Клемент зашел к своему агенту. (Телефонные звонки оказались бесполезными.) Этот агент уже не раз предлагал ему интересную работу, за которую раньше Клемент ухватился бы с радостным блеском в глазах. Сейчас же он каждый раз вяло говорил, что обдумает эти предложения. У него не хватало сил, он упорно твердил себе, что переживает период скорби, период полного крушения иллюзий, период раскаяния. Он дважды звонил в Клифтон, но подходила Сефтон и говорила, что Луиза отдыхает. Клемент рано ложился спать, но сон не шел к нему. Он постоянно думал о Питере. Не ошиблись ли они, разрешив тому врачу увезти его? Но ведь он сам захотел поехать, и что тут, в сущности, можно было возразить, они же практически ничего о Питере не знали, он был гостем из иных сфер. Клементу вспомнилось, как Питер прижал его к стене и схватил за горло. И что теперь, после окончательного бегства Лукаса, ему думать обо всем этом? Неужели новое преступление Лукаса, это ужасное похищение Алеф, вдруг коренным образом изменило положение дел? Неужели Лукас решил увезти Алеф от Питера, чтобы отомстить ему? Нет, тут явная путаница. Ведь это Питер хотел мести, а потом простил Лукаса и отпустил его на свободу.

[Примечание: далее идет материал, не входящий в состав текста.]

(* Let $G$ be a cactus graph with $n>2$ vertices and $b$ bridges, and let $d=\deg(G)$ be its degree sequence. Then $b\ge \beta$, where $\beta=\max\{\mu_1,\tfrac12(\mu_1+\mu_{odd})\}$.
   Context: A cactus graph is a connected simple graph in which every edge belongs to at most one cycle. A bridge is an edge whose removal disconnects the graph. For a degree sequence $d$, $\mu_1$ denotes the number of entries equal to $1$, and $\mu_{odd}$ denotes the number of entries that are odd integers greater than $1$. *)

From mathcomp Require Import all_boot all_order all_algebra.
Set Implicit Arguments. Unset Strict Implicit. Unset Printing Implicit Defensive.

Section Graphs.
Variable T : finType.

Definition simple_graph (e : rel T) : Prop := symmetric e /\ irreflexive e.

Definition connected_graph (e : rel T) : bool :=
  [forall x, forall y, connect e x y].

Definition edges (e : rel T) : {set {set T}} :=
  [set E : {set T} | [exists x, exists y, e x y && (E == [set x; y])]].

Definition is_cycle_seq (e : rel T) (s : seq T) : bool :=
  [&& uniq s, 3 <= size s & cycle e s].

Definition cycle_edges (s : seq T) : {set {set T}} :=
  [set [set x; next s x] | x in s].

Definition cactus (e : rel T) : Prop :=
  simple_graph e /\ connected_graph e /\
  forall (E : {set T}) (s1 s2 : seq T),
    is_cycle_seq e s1 -> is_cycle_seq e s2 ->
    E \in cycle_edges s1 -> E \in cycle_edges s2 ->
    cycle_edges s1 = cycle_edges s2.

Definition remove_edge (e : rel T) (E : {set T}) : rel T :=
  fun x y => e x y && ([set x; y] != E).

Definition bridges (e : rel T) : {set {set T}} :=
  [set E in edges e | ~~ connected_graph (remove_edge e E)].

Definition deg (e : rel T) (v : T) : nat := #|[set u | e v u]|.

Definition mu1 (e : rel T) : nat := #|[set v | deg e v == 1]|.
Definition muodd (e : rel T) : nat :=
  #|[set v | odd (deg e v) && (1 < deg e v)]|.

End Graphs.

From mathcomp Require Import all_boot all_order all_algebra.
From mathcomp Require Import zify.
Import Order.TTheory GRing.Theory Num.Theory.

(* A pendant edge is a bridge, and when n > 2 two leaves cannot share their
   pendant edge (they would form a whole component), so mu_1 <= b.  In a
   cactus every vertex v of odd degree lies on a bridge: otherwise each edge
   at v lies on a cycle, which is unique and leaves v through exactly one
   other edge, so the edges at v come in pairs and deg v is even.  Hence the
   mu_1 + mu_odd vertices of odd degree are among the at most 2b endpoints
   of bridges. *)

Set Implicit Arguments.
Unset Strict Implicit.
Unset Printing Implicit Defensive.

Lemma pairing_even_card (T : finType) (R : T -> T -> Prop) (A : {set T}) :
  (forall x y, R x y -> R y x) ->
  (forall x, x \in A -> exists y, [/\ y \in A, y != x & R x y]) ->
  (forall x y z, x \in A -> y \in A -> z \in A -> R x y -> R x z -> y = z) ->
  ~~ odd #|A|.
Proof.
move=> Rsym.
have [n] := ubnP #|A|; elim: n A => // n IH A ltA partner uniq_partner.
have [->|[x xA]] := set_0Vmem A; first by rewrite cards0.
have [y [yA yx Rxy]] := partner x xA.
have cardA : #|A| = (#|A :\ x :\ y|).+2.
  by rewrite (cardsD1 x A) xA (cardsD1 y (A :\ x)) !inE yx yA.
rewrite cardA /= negbK; apply: IH; first by move: ltA; rewrite cardA; lia.
- move=> z; rewrite !inE => /and3P [zy zx zA].
  have [w [wA wz Rzw]] := partner z zA.
  exists w; split => //; rewrite !inE wA andbT.
  apply/andP; split.
  + apply/eqP => wy; subst w.
    by case/eqP: zx; apply: (uniq_partner y) => //; apply: Rsym.
  + apply/eqP => wx; subst w.
    by case/eqP: zy; apply: (uniq_partner x) => //; apply: Rsym.
- move=> a b c; rewrite !inE => /and3P [_ _ aA] /and3P [_ _ bA] /and3P [_ _ cA].
  exact: uniq_partner.
Qed.

Lemma next_last (T : eqType) (x : T) (p : seq T) :
  uniq (x :: p) -> next (x :: p) (last x p) = x.
Proof. by move=> up; rewrite next_nth mem_last index_last // nth_default. Qed.

Lemma next_neq_prev (T : eqType) (s : seq T) v :
  uniq s -> 2 < size s -> v \in s -> next s v != prev s v.
Proof.
move=> us ss vs; case: (rot_to vs) => i s' Ers.
have us' : uniq (v :: s') by rewrite -Ers rot_uniq.
have ss' : 2 < size (v :: s') by rewrite -Ers size_rot.
rewrite -(next_rot i us) -(prev_rot i us) Ers; apply/eqP => next_prev_v.
have := next_prev us' v; rewrite -next_prev_v.
move: us' ss'; case: s' {Ers next_prev_v} => [|a [|b r]] //= /andP [].
rewrite !inE negb_or => /andP [va vbr] _ _.
by rewrite !eqxx eq_sym (negbTE va) => bv; rewrite bv eqxx in vbr.
Qed.

Lemma card_cover_leq (T : finType) (P : {set {set T}}) k :
  {in P, forall A : {set T}, #|A| <= k} -> #|cover P| <= k * #|P|.
Proof.
move=> Pk; rewrite (leq_trans (leq_card_cover P)) // mulnC -sum_nat_const.
exact: leq_sum.
Qed.

Section Bridges.
Variables (T : finType) (e : rel T).

Lemma connected_graphP (f : rel T) :
  reflect (forall x y, connect f x y) (connected_graph f).
Proof.
apply: (iffP forallP) => [conn x y | conn x]; first exact: (forallP (conn x)).
by apply/forallP => y; apply: conn.
Qed.

Lemma edges_edge x y : e x y -> [set x; y] \in edges e.
Proof.
by move=> exy; rewrite inE; apply/existsP; exists x; apply/existsP; exists y;
  rewrite exy eqxx.
Qed.

Lemma card_edges E : E \in edges e -> #|E| <= 2.
Proof.
rewrite inE => /existsP [x /existsP [y /andP [_ /eqP ->]]].
by rewrite cards2 ltnS leq_b1.
Qed.

Lemma cycle_edges_next_prev (s : seq T) v u :
  uniq s -> v != u -> [set v; u] \in cycle_edges s ->
  u = next s v \/ u = prev s v.
Proof.
move=> us vu /imsetP [x xs E].
have : v \in [set x; next s x] by rewrite -E !inE eqxx.
have : u \in [set x; next s x] by rewrite -E !inE eqxx orbT.
rewrite !inE => /orP [/eqP ux | /eqP un] /orP [/eqP vx | /eqP vn].
- by rewrite vx ux eqxx in vu.
- by right; rewrite vn prev_next // ux.
- by left; rewrite un vx.
- by rewrite vn un eqxx in vu.
Qed.

(* Junk value [v] when [v] is isolated. *)
Definition nbr v := odflt v [pick u | e v u].

Lemma leaf_nbr v : deg e v = 1 -> e v (nbr v).
Proof.
rewrite /nbr; case: pickP => [u //|no_nbr] /= /eqP.
rewrite /deg; suff -> : [set u | e v u] = set0 by rewrite cards0.
by apply/setP => u; rewrite !inE no_nbr.
Qed.

Lemma leaf_nbr_eq v u : deg e v = 1 -> e v u -> u = nbr v.
Proof.
move=> /[dup] /eqP/cards1P [x Ex] /leaf_nbr evn evu.
have : u \in [set x] by rewrite -Ex inE.
have : nbr v \in [set x] by rewrite -Ex inE.
by rewrite !inE => /eqP -> /eqP ->.
Qed.

Lemma leaf_edge_bridge v :
  1 < #|T| -> deg e v = 1 -> [set v; nbr v] \in bridges e.
Proof.
move=> T1 dv; rewrite inE edges_edge ?leaf_nbr //=.
have [w wv] : exists w, w != v.
  apply/existsP; apply: contraTT T1 => /existsPn all_v.
  rewrite -leqNgt -(cards1 v) subset_leq_card //.
  by apply/subsetP => x _; rewrite inE; apply: negbNE (all_v x).
apply/negP => /connected_graphP/(_ v w)/connectP [[|z p] /= pz wl].
  by rewrite wl eqxx in wv.
by case/andP: pz => /andP [evz]; rewrite -(leaf_nbr_eq dv evz) eqxx.
Qed.

Lemma adjacent_leaves v w :
  symmetric e -> connected_graph e ->
  deg e v = 1 -> deg e w = 1 -> e v w -> #|T| <= 2.
Proof.
move=> esym conn dv dw evw.
have ewv : e w v by rewrite esym.
have vw_closed : closed e [set v; w].
  suff stay x y : e x y -> x \in [set v; w] -> y \in [set v; w].
    by move=> x y exy; apply/idP/idP; apply: stay; rewrite // esym.
  move=> exy; rewrite !inE => /orP [] /eqP xE; rewrite xE in exy.
  - by rewrite (leaf_nbr_eq dv exy) -(leaf_nbr_eq dv evw) eqxx orbT.
  - by rewrite (leaf_nbr_eq dw exy) -(leaf_nbr_eq dw ewv) eqxx.
rewrite (leq_trans _ (card_edges (edges_edge evw))) // subset_leq_card //.
apply/subsetP => x _.
by rewrite -(closed_connect vw_closed (connected_graphP _ conn v x)) !inE eqxx.
Qed.

Lemma mu1_leq_bridges :
  symmetric e -> connected_graph e -> 2 < #|T| -> mu1 e <= #|bridges e|.
Proof.
move=> esym conn T2.
have leaf_edge_inj :
    {in [set v | deg e v == 1] &, injective (fun v => [set v; nbr v])}.
  move=> v w; rewrite !inE => /eqP dv /eqP dw vw_edge.
  apply/eqP/negPn/negP => vw.
  have : v \in [set w; nbr w] by rewrite -vw_edge !inE eqxx.
  rewrite !inE (negbTE vw) => /eqP vE.
  have := adjacent_leaves esym conn dw dv; rewrite vE leaf_nbr // => /(_ isT).
  by rewrite leqNgt T2.
rewrite /mu1 -(card_in_imset leaf_edge_inj) subset_leq_card //.
apply/subsetP => E /imsetP [v]; rewrite inE => /eqP dv ->.
by apply: leaf_edge_bridge; rewrite // ltnW.
Qed.

Lemma nonbridge_on_cycle v u :
  irreflexive e -> e v u -> [set v; u] \notin bridges e ->
  exists s, [/\ is_cycle_seq e s, v \in s & next s v = u].
Proof.
move=> eirr evu nb.
have sub_e : subrel (remove_edge e [set v; u]) e by move=> x y /andP [].
have : connected_graph (remove_edge e [set v; u]).
  by move: nb; rewrite inE edges_edge //= negbK.
move/connected_graphP/(_ u v)/connectP => [p0 /shortenP [p path_p uniq_p _] vE].
subst v.
exists (u :: p); split; rewrite ?mem_last ?next_last //.
apply/and3P; split => //; last first.
  by rewrite /cycle rcons_path (sub_path sub_e path_p).
case: p {uniq_p sub_e nb} path_p evu => [|w [|w' p]] //=; first by rewrite eirr.
by rewrite /remove_edge setUC eqxx !andbF.
Qed.

Definition cycle_mates v u w : Prop :=
  u != w /\ exists s, [/\ is_cycle_seq e s, [set v; u] \in cycle_edges s
                                       & [set v; w] \in cycle_edges s].

Lemma cycle_mates_sym v u w : cycle_mates v u w -> cycle_mates v w u.
Proof. by case=> uw [s [s_cyc vu vw]]; split; [rewrite eq_sym | exists s]. Qed.

Lemma cycle_mates_exist v u :
  simple_graph e -> e v u -> [set v; u] \notin bridges e ->
  exists w, [/\ e v w, w != u & cycle_mates v u w].
Proof.
move=> [esym eirr] evu nb.
have [s [s_cyc vs next_v]] := nonbridge_on_cycle eirr evu nb.
have /and3P [uniq_s size_s cyc_s] := s_cyc.
have u_neq_prev : u != prev s v by rewrite -next_v next_neq_prev.
exists (prev s v); split; rewrite 1?eq_sym //; first by rewrite esym prev_cycle.
split=> //; exists s; split=> //.
  by rewrite -next_v; apply/imsetP; exists v.
by apply/imsetP; exists (prev s v); rewrite ?mem_prev // next_prev // setUC.
Qed.

Lemma cycle_mates_uniq v u w w' :
  cactus e -> e v u -> e v w -> e v w' ->
  cycle_mates v u w -> cycle_mates v u w' -> w = w'.
Proof.
move=> [[_ eirr] [_ cac]] evu evw evw'.
move=> [uw [s [s_cyc vu_s vw_s]]] [uw' [s' [s'_cyc vu_s' vw'_s']]].
rewrite -(cac _ _ _ s_cyc s'_cyc vu_s vu_s') in vw'_s'.
have /and3P [uniq_s _ _] := s_cyc.
have ne x : e v x -> v != x by apply: contraTneq => <-; rewrite eirr.
move: uw uw'.
case: (cycle_edges_next_prev uniq_s (ne _ evu) vu_s) => ->;
case: (cycle_edges_next_prev uniq_s (ne _ evw) vw_s) => ->;
by case: (cycle_edges_next_prev uniq_s (ne _ evw') vw'_s') => ->; rewrite ?eqxx.
Qed.

Lemma odd_deg_bridge v : cactus e -> odd (deg e v) -> v \in cover (bridges e).
Proof.
move=> cac; apply: contraLR => v_no_bridge.
have nb u : e v u -> [set v; u] \notin bridges e.
  move=> _; apply: contra v_no_bridge => vu_bridge.
  by apply/bigcupP; exists [set v; u]; rewrite ?set21.
have [simple_e _] := cac.
apply: (@pairing_even_card _ (cycle_mates v)); first exact: cycle_mates_sym.
- move=> u; rewrite inE => evu.
  have [w [evw wu mates]] := cycle_mates_exist simple_e evu (nb u evu).
  by exists w; rewrite inE.
- by move=> u w w'; rewrite !inE => evu evw evw'; apply: cycle_mates_uniq.
Qed.

Lemma odd_deg_card : #|[set v | odd (deg e v)]| = mu1 e + muodd e.
Proof.
rewrite -(cardsID [set v | deg e v == 1]) /mu1 /muodd.
congr (_ + _); apply/eq_card => v; rewrite !inE.
all: by case: (deg e v) => [|[|d]] //; case: odd.
Qed.

Lemma mu1_muodd_leq_bridges : cactus e -> mu1 e + muodd e <= 2 * #|bridges e|.
Proof.
move=> cac; rewrite -odd_deg_card.
apply: leq_trans (card_cover_leq _) => [|E]; last first.
  by rewrite inE => /andP [/card_edges].
by apply/subset_leq_card/subsetP => v; rewrite inE; apply: odd_deg_bridge.
Qed.
End Bridges.

Theorem lemma4p4 (T : finType) (e : rel T) :
  cactus e -> 2 < #|T| ->
  (Num.max ((mu1 e)%:R : rat) (((mu1 e + muodd e)%:R : rat) / 2%:R)
     <= (#|bridges e|)%:R)%R.
Proof.
move=> cac T2; have [[esym _] [conn _]] := cac.
rewrite ge_max ler_nat mu1_leq_bridges //=.
by rewrite ler_pdivrMr ?ltr0n // -natrM ler_nat mulnC mu1_muodd_leq_bridges.
Qed.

«И меня Питер простил, — подумал Клемент, ворочаясь в темноте и тщетно пытаясь уснуть. — И, о боже, Лукас ведь тоже простил меня! Но как же быть с Алеф, хотел ли я жениться на ней, мог ли жениться, любил ли я ее?»
Нет, он уходит от реальности, придумывая сказку, а ближе к реальности, вероятно, смутное и ужасное ощущение вины. Вина Клемента в том, что он не уберег Алеф, в том, что он был жесток к Лукасу в детстве. Да, не с этого ли все и началось?
«Неужели мне теперь всю жизнь придется верить, что Лукас ненавидел меня до такой степени, что хотел убить? — размышлял Клемент, — Эта мысль более реальна, чем его „прощение“. Теперь на кон поставлено счастье Алеф! Будет ли Лукас изменять ей, унижать и мучить ее? Или они станут счастливой ученой парой, живущей в каком-нибудь американском кампусе и устраивающей многолюдные вечеринки вокруг плавательного бассейна? Все это досужие домыслы, и, вероятно, мы так ничего не узнаем. Тогда что же главное? Главным для меня остается то, что Питер спас меня ценой собственной жизни».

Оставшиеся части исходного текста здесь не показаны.